Marijuana, Water Bills Approved by West Virginia Legislature
CHARLESTON (AP) — West Virginia lawmakers have voted to raise water-pollution limits, legalize medical marijuana, end school standardized testing aligned with the Common Core curriculum and hold a voter referendum this year on issuing $1.6 billion in bonds to rebuild state highways and bridges.
The House and Senate, which ended their two-month session Sunday, also passed a $4.1 billion general fund budget with no tax increases and steeper cuts to higher education and Medicaid than Gov. Jim Justice wanted. The move sets up a possible veto and extra session before the new fiscal year starts July 1.
Bills to revise sales, income and gasoline taxes all advanced but none were finally passed. A bill to authorize natural gas producers to drill when three-fourths of those with royalty rights agree also foundered.
Justice has already signed new laws to end regulation of about 2,300 above-ground storage tanks and to let industrial plants discharge cancer-causing and other chemicals based on the average flow in a waterway instead of its low flow, allowing larger discharges from individual sites. It also allows “mixing zones,” overlapping discharges from multiple sites.
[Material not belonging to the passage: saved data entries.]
(* Consider the RHC closed-loop system described in the context. Assume that $A$ is Schur stable, i.e. all eigenvalues of $A$ have modulus strictly less than $1$. Assume also that $\mathbb{E}\bigl[\bar\varphi(\bar F\bar w)\bigr]=0$ for every initial condition. Then the closed loop satisfies $$\sup_{t\in\mathbb{N}_0}\mathbb{E}_{x_0}\bigl[\|x_t\|^2\bigr]<\infty.$$
   Context: **System.** Consider the discrete-time system $x_{t+1}=Ax_t+Bu_t+Fw_t+r$ for $t\in\mathbb{N}_0$. The data are: - $x_t\in\mathbb{R}^n$, $u_t\in\mathbb{R}^m$ and $w_t\in\mathbb{R}^n$; - known matrices $A$, $B$, $F$ and a known vector $r$; - a given initial state $x_0$; - i.i.d. noise vectors $w_t$, possibly with unbounded support, with mean $\mu_w$ and finite covariance $\Sigma_w$; - the input constraint $\|u_t\|_\infty\le U_{\max}$, where $U_{\max}>0$. **Stacked notation.** Fix a horizon $N\in\mathbb{N}$. Define - $\bar x=(x_0^\mathsf{T},\dots,x_N^\mathsf{T})^\mathsf{T}$, $\bar u=(u_0^\mathsf{T},\dots,u_{N-1}^\mathsf{T})^\mathsf{T}$, $\bar w=(w_0^\mathsf{T},\dots,w_{N-1}^\mathsf{T})^\mathsf{T}$, and $\bar r=(r^\mathsf{T},\dots,r^\mathsf{T})^\mathsf{T}\in\mathbb{R}^{Nn}$; - $\bar F=\operatorname{diag}(F,\dots,F)$ and $\bar A=(I,A^\mathsf{T},\dots,(A^N)^\mathsf{T})^\mathsf{T}$; - $\bar B$ is the block matrix with blocks $A^{k-1-j}B$ for $j<k$ and $0$ otherwise ($k=0,\dots,N$, $j=0,\dots,N-1$); - $\bar D$ is the block matrix with blocks $A^{k-1-j}$ for $j<k$ and $0$ otherwise. Then $\bar x=\bar Ax_0+\bar B\bar u+\bar D\bar F\bar w+\bar D\bar r$. Let $Q_0,\dots,Q_N$ and $R_0,\dots,R_{N-1}$ be symmetric positive definite, and set $\bar Q=\operatorname{diag}(Q_0,\dots,Q_N)$ and $\bar R=\operatorname{diag}(R_0,\dots,R_{N-1})$. **Saturated noise measurements.** Let $0<\phi_{\max}\le U_{\max}$, and let $\varphi_i^j:\mathbb{R}\to\mathbb{R}$ ($i=0,\dots,N-1$, $j=1,\dots,n$) be functions bounded in absolute value by $\phi_{\max}$. Set $\varphi_i(Fw_i)=(\varphi_i^1(F_1w_i),\dots,\varphi_i^n(F_nw_i))^\mathsf{T}$, with $F_j$ the $j$-th row of $F$, and $\bar\varphi(\bar F\bar w)=(\varphi_0(Fw_0)^\mathsf{T},\dots,\varphi_{N-1}(Fw_{N-1})^\mathsf{T})^\mathsf{T}$. **Finite-horizon problem.** For a given initial state $x$, the finite-horizon problem is to minimize $\mathbb{E}_{x}[\bar x^\mathsf{T}\bar Q\bar x+\bar u^\mathsf{T}\bar R\bar u]$, with $x_0=x$, over policies $\bar u=\bar G\bar\varphi(\bar F\bar w)+\bar d$. Here $\bar d\in\mathbb{R}^{Nm}$, and $\bar G\in\mathbb{R}^{Nm\times Nn}$ is strictly block lower triangular with $m\times n$ blocks $G_{t,i}$ ($i<t$). The constraint is $|\bar d_i|+\|\bar G_i\|_1\phi_{\max}\le U_{\max}$ for $i=1,\dots,Nm$, where $\bar G_i$ is the $i$-th row of $\bar G$. **RHC closed loop.** At each time $kN$ ($k\in\mathbb{N}_0$), the finite-horizon problem is solved with initial state $x_{kN}$, giving an optimal solution $(\bar G^*_{kN},\bar d^*_{kN})$ that depends on $x_{kN}$. The whole resulting input sequence is then applied over the next $N$ steps. That is, for $\ell=0,\dots,N-1$, $$(u_{kN}^\mathsf{T},\dots,u_{kN+N-1}^\mathsf{T})^\mathsf{T}=\bar G^*_{kN}\,\bar\varphi\bigl(\bar F\,(w_{kN}^\mathsf{T},\dots,w_{kN+N-1}^\mathsf{T})^\mathsf{T}\bigr)+\bar d^*_{kN},$$ and the state evolves by $x_{t+1}=Ax_t+Bu_t+Fw_t+r$. *)

From HB Require Import structures.
From mathcomp Require Import all_boot all_order all_algebra.
From mathcomp Require Import all_classical all_reals all_analysis.
From mathcomp Require complex.
Import complex.ComplexField.
Set Implicit Arguments. Unset Strict Implicit. Unset Printing Implicit Defensive.
Import Order.TTheory GRing.Theory Num.Theory.
Local Open Scope classical_set_scope.
Local Open Scope ring_scope.

Notation Cplx R := (complex.complex R).
Notation realC R := (@complex.real_complex_def R (Phant R)).

Definition schur_stable (R : realType) (n : nat) (A : 'M[R]_n) : Prop :=
  forall z : Cplx R, eigenvalue (map_mx (realC R) A) z -> `|z| < 1.

Definition sym_posdef (R : realType) (k : nat) (M : 'M[R]_k) : Prop :=
  M^T = M /\ forall v : 'cV[R]_k, v != 0 -> 0 < (v^T *m M *m v) 0 0.

Section Closedloop.
Variables (R : realType) (n m N : nat).
Variables (A : 'M[R]_n) (B : 'M[R]_(n, m)) (F : 'M[R]_n) (r : 'cV[R]_n).

Definition gainT := 'I_N -> 'I_N -> 'M[R]_(m, n).
Definition offT := 'I_N -> 'cV[R]_m.

(* phi : i -> j -> (R -> R) is phi_i^j;  phi_i(F w) = (phi_i^j(F_j w))_j *)
Definition phivec (phi : 'I_N -> 'I_n -> R -> R) (i : 'I_N) (w : 'cV[R]_n)
  : 'cV[R]_n := \col_j phi i j ((F *m w) j 0).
“Water quality standards are the safe levels of pollutants that are allowed in our streams,” the West Virginia Manufacturers Association said, urging the change. “The standards are set so that such exposures are not harmful over long exposure periods.”
The West Virginia Rivers Coalition said there are issues especially with unknown results from mixing pollution discharges and not one example offered of a specific business that needed the change.
“I did not see one pro-environment measure even given consideration let alone passed,” Executive Director Angie Rosser said of the legislative session.
A bill backed by coal producers that passed both houses also would change measurements of related stream health, relying primarily on fish populations instead of insects.
Chris Hamilton, senior vice president of the West Virginia Coal Association, said the vote was overwhelming in support of the bill, which also modified regulations on diesel engines used underground and consolidated some state oversight boards.
The House and Senate agreed to legalize medical marijuana by prescription for patients who are terminally ill or who have seizures, cancer, chronic pain, post-traumatic stress disorder, AIDS and other specified conditions. Gov. Jim Justice said he’ll sign it. The bill doesn’t authorize smoking or patients growing their own plants. Patient identification cards could be issued starting July 1, 2019.
Both houses voted to criminalize “revenge porn,” posting someone’s intimate or sexually explicit images without their consent.
Both also voted to end $14 million in annual support for greyhound racing at the state’s two tracks. Justice vetoed that bill.
Lawmakers overrode an earlier Justice veto of legislation intended to clarify the West Virginia right-to-work law enacted last year. He said it’s currently before the state’s top court and that process shouldn’t be interfered with.
The bill approved by the Republican-controlled Legislature removes provisions from the law that would seem to exempt building and construction trade unions.
Enforcement has been blocked by a court injunction in a lawsuit brought by unions. They maintain the law illegally takes their assets since they still have to represent all employees in a union shop, including those that the law would allow to stop paying union dues.
Lawmakers voted to ban the current Smarter Balanced standardized tests in public schools that are aligned the Common Core curriculum.
They also authorized holding a referendum on $1.6 billion in bonding for Justice’s signature highway reconstruction program that would pursue matching federal funds as well. The governor said it would put thousands of West Virginians to work.
He proposed raising the gas tax 4.5 cents a gallon to support the bonds. The Senate passed the bill, but it died in the House.